自己这辈子引以为傲的帝王格局,被这个年仅十八岁的孙子硬生生撑大了一倍不止。
是啊!别人搞神权是为了夺皇权。
如果老朱家自己把这两样东西揉在一起呢?
左手拿刀枪律法,右手捏着天下人的“真理信仰”。
谁敢造反?拿什么造反?
拿那些只会掉书袋的《四书五经》去对抗能把城墙炸上天的大炮?
去对抗那种视探索技术为至高荣耀、脑子里装满狂热信仰的重甲信徒?
“好小子……”
朱元璋停下脚步。
“你这是要把大明人的脑壳子锯开。把以前塞进去的那些烂棉絮全掏干净,再直接给他们浇铸成钢筋铁骨啊。”
“这买卖划算。爷爷干了。
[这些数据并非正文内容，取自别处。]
(* Let $N \ge 2$, let $0 \le z_1 < z_2 < \dots < z_N < 1$, let $\alpha_1, \dots, \alpha_N > 0$ with $\sum_{i=1}^N \alpha_i = 1$, and let $\mu = \sum_{i=1}^N \alpha_i \delta_{z_i}$ on $\mathcal I = [0,1]$. Then the $\mu$-energy form $\mathcal E(f,g) = \langle \nabla^{\mu} f, \nabla^{\mu} g\rangle_\mu$, defined for $f,g \in \mathscr D^1_\mu$, is a Dirichlet form on $L^2_\mu$ (i.e. it is a symmetric, non-negative, closed bilinear form with the Markov property: for every $f$ in its domain, $\hat f = \min(\max(f,0),1)$ is in the domain and $\mathcal E(\hat f,\hat f) \le \mathcal E(f,f)$).
   Context: $\delta_z$ denotes the Dirac measure at $z$. $L^2_\mu$ is the space of ($\mu$-a.e. equivalence classes of) real-valued square-integrable functions on $[0,1]$ with inner product $\langle f,g\rangle_\mu = \sum_{i=1}^N \alpha_i f(z_i) g(z_i)$. The set of $\mu$-differentiable functions with periodic boundary conditions is $\mathscr D^1_\mu = \{ f : [0,1]\to\mathbb R \text{ square-integrable w.r.t. } \mu : \exists f' \in L^2_\mu \text{ with } f(0)=f(1) \text{ and } f(x) = f(0) + \int \mathbf 1_{[0,x)} f' \, d\mu \text{ for all } x \in [0,1]\}$, where $[0,0)=\emptyset$; $f'$ is unique in $L^2_\mu$ and the $\mu$-derivative is $\nabla^\mu f := f'$. Equivalently $f(x) = f(0) + \sum_{i: z_i < x} \alpha_i \nabla^\mu f(z_i)$. Every class in $L^2_\mu$ has a representative in $\mathscr D^1_\mu$, and $\mathscr D^1_\mu$ is identified with $L^2_\mu$ in this way. Explicitly, $\nabla^\mu f(z_n) = (f(z_{n+1}) - f(z_n))/\alpha_n$ for $n \in \{1,\dots,N-1\}$ and $\nabla^\mu f(z_N) = (f(z_1) - f(z_N))/\alpha_N$. *)

From Stdlib Require Import ClassicalEpsilon.
From mathcomp Require Import all_boot all_order all_algebra.
From mathcomp Require Import reals.
Set Implicit Arguments. Unset Strict Implicit. Unset Printing Implicit Defensive.
Import Order.TTheory GRing.Theory Num.Theory.
Local Open Scope ring_scope.

(* The measure mu = \sum_i alpha_i delta_{z_i} on [0,1] is encoded by the
   atoms z : 'I_N -> R and the weights alpha : 'I_N -> R.
   Functions on [0,1] are represented as f : R -> R (values outside [0,1]
   are irrelevant).  An element of L^2_mu (a mu-a.e. class) is determined by
   its values at the atoms; the mu-derivative f' in L^2_mu is therefore
   represented by its values f' i = f'(z_i), i.e. by f' : 'I_N -> R. *)

Section MuCalculus.
Variable R : realType.
Variable N : nat.
Variables (z alpha : 'I_N -> R).

Definition mu_inner (f g : R -> R) : R := \sum_(i < N) alpha i * f (z i) * g (z i).

(* f' is a mu-derivative of f:
   f(0) = f(1) and f(x) = f(0) + \int 1_{[0,x)} f' dmu for all x in [0,1],
   where \int 1_{[0,x)} f' dmu = \sum_{i : z_i < x} alpha_i f'(z_i)
   (all z_i are >= 0). *)
Definition is_mu_deriv (f : R -> R) (f' : 'I_N -> R) : Prop :=
  f 0 = f 1 /\
  forall x : R, 0 <= x <= 1 ->
    f x = f 0 + \sum_(i < N | z i < x) alpha i * f' i.

Definition D1_mu (f : R -> R) : Prop := exists f' : 'I_N -> R, is_mu_deriv f f'.

(* nabla^mu f : a (chosen) mu-derivative of f (unique in L^2_mu when it exists) *)
Definition mu_grad (f : R -> R) : 'I_N -> R :=
  epsilon (inhabits (fun _ : 'I_N => 0 : R)) (is_mu_deriv f).

Definition mu_energy (f g : R -> R) : R :=
  \sum_(i < N) alpha i * mu_grad f i * mu_grad g i.

End MuCalculus.

Definition lin_comb (R : realType) (a : R) (f g : R -> R) : R -> R :=
  fun x => a * f x + g x.

Definition clip01 (R : realType) (f : R -> R) : R -> R :=
  fun x => Num.min (Num.max (f x) 0) 1.

Definition is_dirichlet_form (R : realType)
  (ip : (R -> R) -> (R -> R) -> R)
  (dom : (R -> R) -> Prop)
  (E : (R -> R) -> (R -> R) -> R) : Prop :=
  dom (fun _ => 0) /\
  (forall a f g, dom f -> dom g -> dom (lin_comb a f g)) /\
  (* bilinear (linear in the first argument; with symmetry, in both) *)
  (forall a f g h, dom f -> dom g -> dom h ->
     E (lin_comb a f g) h = a * E f h + E g h) /\
  (forall f g, dom f -> dom g -> E f g = E g f) /\
  (forall f, dom f -> 0 <= E f f) /\
  (* closed: the domain is complete for E_1(u) = E(u,u) + <u,u> *)
  (forall u : nat -> R -> R, (forall n, dom (u n)) ->
     (forall e : R, 0 < e -> exists M : nat, forall n m : nat, (M <= n)%N -> (M <= m)%N ->
        E (lin_comb (-1) (u m) (u n)) (lin_comb (-1) (u m) (u n))
        + ip (lin_comb (-1) (u m) (u n)) (lin_comb (-1) (u m) (u n)) < e) ->
     exists f, dom f /\
     (forall e : R, 0 < e -> exists M : nat, forall n : nat, (M <= n)%N ->
        E (lin_comb (-1) f (u n)) (lin_comb (-1) f (u n))
        + ip (lin_comb (-1) f (u n)) (lin_comb (-1) f (u n)) < e)) /\
  (forall f, dom f -> dom (clip01 f) /\ E (clip01 f) (clip01 f) <= E f f).

(* Since the atoms are increasing, an element of D^1_mu is a step function: on
   [0,1] its value at x depends only on the number k of atoms below x, f x = H k,
   with H N = H 0 by periodicity; conversely every such step function lies in
   D^1_mu, with mu-derivative (H (i+1) - H i) / alpha_i.  So the domain is stable
   under linear combinations and under composition with an arbitrary phi, and
   nabla^mu f is the difference quotient of f along cyclically consecutive atoms.
   Clipping to [0,1] is 1-Lipschitz, hence shrinks every difference quotient:
   this is the Markov property.  For closedness, the E_1-norm dominates each
   alpha_i f(z_i)^2, so along an E_1-Cauchy sequence the atom values converge; a
   step function interpolates the limits, and since the E_1-norm is a continuous
   function of finitely many atom values, it is the E_1-limit. *)

From Stdlib Require Import ClassicalEpsilon.
From mathcomp Require Import all_boot all_order all_algebra.
From mathcomp Require Import reals topology normedtype.
From mathcomp Require Import ring lra.
Import Order.TTheory GRing.Theory Num.Theory.
Set Implicit Arguments. Unset Strict Implicit. Unset Printing Implicit Defensive.
Import numFieldNormedType.Exports.
Local Open Scope classical_set_scope.
Local Open Scope ring_scope.

Lemma sum_ord_ltS (V : nmodType) (n : nat) (F : 'I_n -> V) (i : 'I_n) :
  \sum_(j < n | (j < i.+1)%N) F j = \sum_(j < n | (j < i)%N) F j + F i.
Proof.
rewrite (bigD1 i) ?ltnSn //= addrC; congr (_ + _).
by apply: eq_bigl => j; rewrite ltnS [(j < i)%N]ltn_neqAle andbC.
Qed.
Lemma legs_not_parallelogram : ~ parallelogram q1 q2 q3 q4.
Proof.
  intros hp.
  destruct area_relations as (e1 & _ & _ & _ & _ & e6).
  destruct (parallelogram_turns _ _ _ _ hp) as (t234 & t341 & t412).
  destruct (convex_cyclic_turns q hconv) as (t123 & _).
  assert (w34 : w q3 q4 = w q1 q2)
    by (unfold cc_weight; rewrite (parallelogram_rdist _ _ _ _ hp); reflexivity).
  rewrite t341 in e1; rewrite t234, t412, w34 in e6.
  assert (f1 : beta * w q1 q2 = alpha * w q1 q4) by (apply (Rmult_eq_reg_r (turn q1 q2 q3)); lra).
  assert (f6 : beta * w q1 q4 = alpha * w q1 q2) by (apply (Rmult_eq_reg_r (turn q1 q2 q3)); lra).
  assert (E : (beta ^ 2 - alpha ^ 2) * w q1 q4 = 0).
  { transitivity (beta * (beta * w q1 q4) - alpha * (alpha * w q1 q4)); [ring|].
    rewrite f6, <- f1; ring. }
  apply Rmult_integral in E as [E|E]; [nra | exact (cc_weight_legs_nonzero E)].
Qed.

End TwoPairConfiguration.

Theorem theorem1p2 (alpha beta : R) (m : nat -> R) (q : nat -> pt) :
  0 < alpha -> alpha < beta ->
  m 1%nat = beta -> m 2%nat = beta -> m 3%nat = alpha -> m 4%nat = alpha ->
  central_configuration m q ->
  convex_cyclic q ->
  rdist (q 1%nat) (q 4%nat) = rdist (q 2%nat) (q 3%nat) ->
  symmetric_isosceles_trapezoid q /\
  parallel (q 1%nat) (q 2%nat) (q 3%nat) (q 4%nat) /\
  rdist (q 1%nat) (q 4%nat) = rdist (q 2%nat) (q 3%nat).
Proof.
  intros halpha halpha_beta hm1 hm2 hm3 hm4 hcc hconv hlegs.
  destruct (two_pair_balance alpha beta m q halpha ltac:(lra) hm1 hm2 hm3 hm4 hcc)
    as (mu & b1 & b2 & b3 & b4).
  pose proof (legs_parallel alpha beta mu q halpha halpha_beta b1 b2 b3 b4 hconv hlegs) as hpar.
  pose proof (legs_not_parallelogram alpha beta mu q halpha halpha_beta b1 b2 b3 b4 hconv hlegs)
    as hnot.
  split; [apply isosceles_trapezoid_of_parallel|split]; assumption.
Qed.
”
朱元璋咧开嘴,露出森白的牙齿。
这位大明朝最老辣、最嗜血的猎手,决定跟着自己的孙子,去猎杀整个旧时代的魂魄。
“但这‘实学大教’的架子,你打算怎么搭?”
老朱是个彻头彻尾的实用主义者。
一旦看清了方向,他脑子里的算盘打得比谁都快,立刻开始寻找具体的下口位置。
“怎么才能让天下人相信,这不是咱们爷俩在这暖阁里发了疯瞎胡闹?”
朱雄英感受着老朱肩膀上传来的重量,不动声色地呼出一口气。
过关了。
这全天下最难说服的老顽固点头了。
这世上就再也没人能拦得住他的屠刀和蓝图。
“要立威,要传教,就得有‘神迹’。”
朱雄英转身走到书案前。随手将那本厚重的《五年规划》翻到最后一页。
那上面没有密密麻麻的政令条文,只画了一个奇怪的图样。
一个两头尖尖、中间圆鼓鼓的琉璃容器。底下还画着一团燃烧的烈火。
“那帮酸儒不是天天喊着阴阳五行、相生相克吗?”朱雄英的手指重重按在那个图样上。
“孙儿要借大明最顶尖工匠的手,造出一样东西。这东西无色无味,看着像水。但只要滴在生铁上,能把百炼钢生生化成一滩黄水。滴在坚硬的石头上,能让石头化作一阵白烟。”
“这种东西,在市井演戏的骗子嘴里叫作‘化骨水’。但在孙儿的实学教义里,它叫作‘强酸’。这是劈开物质奥秘的第一把钥匙。”
朱雄英抬起头,直视老朱。
“只要当着满朝文武,当着全天下最有名望的读书人的面,用这东西演示一下什么是真正的‘天地伟力’。直接把他们信奉了几千年的老古董理论砸个稀烂。”
“这波,叫降维打击。神迹一显,铁证如山,不怕那帮贱骨头不跪下磕头。”
老朱眼睛亮得吓人。
这招他太熟了!
当年打天下,谁不是弄点白蛇吐信、枯木逢春的戏法糊弄泥腿子?
大孙子这手凭空化铁,可是真金白银的力量,还不得把那帮老古董吓得尿裤子?
“好!痛快!”老朱右拳砸在左手掌心。“需要调工部的多少人手?内帑的银子,你随便去提!”
“工匠好找,大明不缺手艺人。”
朱雄英收起册子。
“但要搭建这第一所‘大明皇家科学院’。要找一个人来当这新教门的第一任‘大祭司’。光有手艺不行。”
“普通的匠人,地位太低。哪怕他懂造大炮,那群文官也只会骂他是奇技淫巧,骨子里瞧不起他,根本压不住阵脚。”